4.靶向治疗:曲妥珠单抗仍为HER-2过表达晚期胃癌病人的一线治疗药物,这主要是基于ToGA试验及HERXO试验[18-19],研究结果显示,在HER-2过表达晚期胃癌病人中,曲妥珠单抗联合氟尿嘧啶类和铂类药物可提高治疗有效率并增加生存获益。雷莫芦单抗作为一种抗VEGFR-2单克隆抗体,在既往接受过治疗的晚期胃癌或食管胃结合部腺癌病人中表现出不错的疗效,其中REGARD研究发现,雷莫芦单抗单药二线治疗比安慰剂能有效延长病人中位OS(5.2个月 vs.3.8个月)[20];RAINBOW研究评价了紫杉醇联合或不联合雷莫芦单抗的疗效,结果发现接受雷莫芦单抗联合紫杉醇治疗的病人,中位OS为9.63个月,显著长于仅给予紫杉醇单药治疗的病人(OS为7.36个月),且不良反应反应均可耐受[21]。但由于RAINFALL试验显示雷莫芦单抗并未降低初治晚期食管胃结合部腺癌病人的疾病进展或死亡风险[22],因此目前不建议在一线化疗的基础上加用雷莫芦单抗。
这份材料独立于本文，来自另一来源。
(* For all $p,q\in\mathbb Z$, $r,s\ge0$ and $2\le n\le\infty$, the $n$-multicomplex $\mathcal ZW^n_s(p,q)$ is cofibrant in the $r$-model structure on $\mathrm{Ch}_n$; that is, for every morphism $f\colon A\to B$ of $n$-multicomplexes that is an $E_r$-quasi-isomorphism with $E_i(f)$ bidegree-wise surjective for all $0\le i\le r$, every morphism $\mathcal ZW^n_s(p,q)\to B$ lifts through $f$.
   Context: $R$ is a commutative unital ring. For $1\le n\le\infty$, an $n$-multicomplex is a $\mathbb Z\times\mathbb Z$-bigraded $R$-module $A$ with $R$-linear maps $d_i$ ($i\ge0$) of bidegree $(-i,1-i)$ such that $\sum_{i+j=l}(-1)^id_id_j=0$ for all $l\ge0$ and $d_i=0$ for $i\ge n$; morphisms are bidegree $(0,0)$ maps commuting with all $d_i$; category $\mathrm{Ch}_n$. Spectral sequence: $Z_0^{p,q}(A)=A^{p,q}$; for $r\ge1$, $Z_r^{p,q}(A)$ is the set of $a_0\in A^{p,q}$ for which there exist $a_j\in A^{p-j,q-j}$ ($1\le j\le r-1$) with $\sum_{i+j=l}(-1)^id_ia_j=0$ for $0\le l\le r-1$. $B_0=0$, $B_1^{p,q}(A)=A^{p,q}\cap\operatorname{im}d_0$, and for $r\ge2$, $B_r^{p,q}(A)$ is the set of $x\in A^{p,q}$ for which there exist $b_i\in A^{p+r-1-i,q+r-2-i}$ ($0\le i\le r-1$) with $x=\sum_{i=0}^{r-1}(-1)^id_ib_{r-1-i}$ and $\sum_{i=0}^l(-1)^id_ib_{l-i}=0$ for $0\le l\le r-2$. $E_r^{p,q}(A)=Z_r^{p,q}(A)/B_r^{p,q}(A)$, the spectral sequence of the column-filtered total complex; $f$ is an $E_r$-quasi-isomorphism if $E_{r+1}(f)$ is an isomorphism. The $r$-model structure on $\mathrm{Ch}_n$ ($2\le n\le\infty$) has weak equivalences the $E_r$-quasi-isomorphisms and fibrations the morphisms $f$ with $E_i(f)$ bidegree-wise surjective for $0\le i\le r$. $\mathbb D^n(p,q)$ is the free $n$-multicomplex on one generator in bidegree $(p,q)$. $\mathcal ZW^n_0(p,q)=\mathbb D^n(p,q)$; for $s\ge1$, $\mathcal ZW^n_s(p,q)$ is the $n$-multicomplex generated by $a_0,\dots,a_{s-1}$, $a_i$ in bidegree $(p-i,q-i)$, subject to the relations $\sum_{i+j=l}(-1)^id_ia_j=0$ for $0\le l\le s-1$ (equivalently the iterated pushout construction of the paper). *)

From HB Require Import structures.
From mathcomp Require Import all_boot all_order all_algebra.
Unset Implicit Arguments.
Import Order.TTheory GRing.Theory Num.Theory.
Local Open Scope ring_scope.

(* n in {1,2,...} u {oo}: Some m = finite m, None = infinity.
   below n i  <->  i < n. *)
Definition below (n : option nat) (i : nat) : bool :=
  if n is Some m then (i < m)%N else true.

(* Only used where the two bidegrees are
   provably equal; it avoids dependent casts along integer identities. *)
Definition tr {R : comPzRingType} {A : int -> int -> lmodType R} {p q : int}
    (p' q' : int) (x : A p q) : A p' q' :=
  match (p, q) =P (p', q') with
  | ReflectT e => eq_rect (p, q) (fun pq => A pq.1 pq.2) x (p', q') e
  | ReflectF _ => 0
  end.

Record mcx (R : comPzRingType) (n : option nat) := Mcx {
  mc_obj :> int -> int -> lmodType R;
  dmap : forall (i : nat) (p q : int),
      {linear mc_obj p q -> mc_obj (p - i%:Z) (q + 1 - i%:Z)};
  dmap_vanish : forall (i : nat) (p q : int) (x : mc_obj p q),
      ~~ below n i -> dmap i p q x = 0;
  dmap_rel : forall (l : nat) (p q : int) (x : mc_obj p q),
      \sum_(j < l.+1)
         (-1) ^+ (l - j)%N *:
           tr (p - l%:Z) (q + 2 - l%:Z)
              (dmap (l - j)%N (p - (j : nat)%:Z) (q + 1 - (j : nat)%:Z)
                    (dmap j p q x)) = 0
}.
Arguments dmap {R n} m i p q.

Record mcmor (R : comPzRingType) (n : option nat) (A B : mcx R n) := Mcmor {
  fmap :> forall (p q : int), {linear A p q -> B p q};
  fmap_comm : forall (i : nat) (p q : int) (x : A p q),
      fmap _ _ (dmap A i p q x) = dmap B i p q (fmap p q x)
}.
Arguments fmap {R n A B} m p q.

Section MC.
Variables (R : comPzRingType) (n : option nat).

Definition cycrel (A : mcx R n) (s : nat) (p q : int)
    (a : forall j : nat, A (p - j%:Z) (q - j%:Z)) : Prop :=
  forall l : nat, (l < s)%N ->
    \sum_(j < l.+1)
       (-1) ^+ (l - j)%N *:
         tr (p - l%:Z) (q + 1 - l%:Z)
            (dmap A (l - j)%N (p - (j : nat)%:Z) (q - (j : nat)%:Z) (a j)) = 0.

(* Z_r^{p,q}(A): a_0 = x admits a_1..a_{r-1} satisfying the relations for
   0 <= l <= r-1 (for r = 0 this is all of A^{p,q}). *)
Definition Zr (A : mcx R n) (r : nat) (p q : int) (x : A p q) : Prop :=
  exists a : forall j : nat, A (p - j%:Z) (q - j%:Z),
    cycrel A r p q a /\ tr p q (a 0%N) = x.

(* B_r^{p,q}(A): b_i in A^{p+r-1-i, q+r-2-i} (0 <= i <= r-1) with
   x = sum_{i=0}^{r-1} (-1)^i d_i b_{r-1-i} and
   sum_{i=0}^l (-1)^i d_i b_{l-i} = 0 for 0 <= l <= r-2.
   For r = 0 the formula gives {0}; for r = 1 it gives A^{p,q} n im d_0. *)
Definition Br (A : mcx R n) (r : nat) (p q : int) (x : A p q) : Prop :=
  exists b : forall k : nat, A (p + r%:Z - 1 - k%:Z) (q + r%:Z - 2 - k%:Z),
    x = \sum_(i < r)
          (-1) ^+ (i : nat) *:
            tr p q (dmap A i _ _ (b (r - 1 - i)%N))
    /\ forall l : nat, (l.+1 < r)%N ->
      \sum_(i < l.+1)
          (-1) ^+ (i : nat) *:
            tr (p + r%:Z - 1 - l%:Z) (q + r%:Z - 1 - l%:Z)
               (dmap A i _ _ (b (l - i)%N)) = 0.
此外,指南也将“曲妥珠单抗,雷莫芦单抗和帕博利珠单抗/纳武利尤单抗,以及恩曲替尼/拉罗替尼几种药物已获FDA批准用于胃癌治疗”中“雷莫芦单抗”删除,是否提示该药物的重要性有所下降还需进一步关注。

5.免疫治疗:目前,FDA已批准帕博利珠单抗和纳武利尤单抗用于所有具有高度微卫星不稳定性(MSI-H)或者错配修复缺陷(dMMR)实体瘤病人的治疗。(1)CheckMate-649研究将既往未接受过治疗的HER-2阴性、不可切除的胃癌及食管胃结合部腺癌病人随机给予单独化疗或纳武利尤单抗联合化疗(FOLFOX或XELOX)处理,结果显示,在PD-L1 CPS≥5的病人中,化疗联合纳武利尤单抗组的OS(14.4个月 vs.11.1个月)及PFS(7.7个月 vs.6个月)均得到显著改善[23]。因此,指南推荐,将纳武利尤单抗联合以氟尿嘧啶类和奥沙利铂为基础的化疗作为PD-L1 CPS≥5的HER-2阴性晚期胃癌病人的一线治疗方案。(2)KEYNOTE-062显示,对PD-L1 CPS≥1病人,帕博利珠单抗单药治疗OS非劣效于化疗(10.6个月vs.11.1个月),而在CPS≥10的亚组中,帕博利珠单抗则显著优于化疗组[24]。另外,对亚洲亚组的数据进行分析发现,帕博利珠单抗单药治疗较化疗有更长的生存获益,其无进展生存期和客观缓解率(objective response rate,ORR)均优于总人群。KEYNOTE-158试验还发现,组织肿瘤突变负荷高者对帕博利珠单抗单药治疗反应更好[25]。基于这些数据,帕博利珠单抗可用于MSI-H/ dMMR或肿瘤负荷高晚期胃癌病人的二线或后续治疗。(3)多塔利单抗作为另外一种抗PD-1抗体,指南推荐其适用于在治疗过程中或治疗后出现进展,且没有满意的替代方案并满足既往未接受过PD-1、PD-L1或CTLA4等检查点抑制剂治疗的MSI-H 或dMMR复发性或晚期胃癌病人。本次更新重点突出必须满足既往未接受过免疫治疗的病人才能使用多塔利单抗。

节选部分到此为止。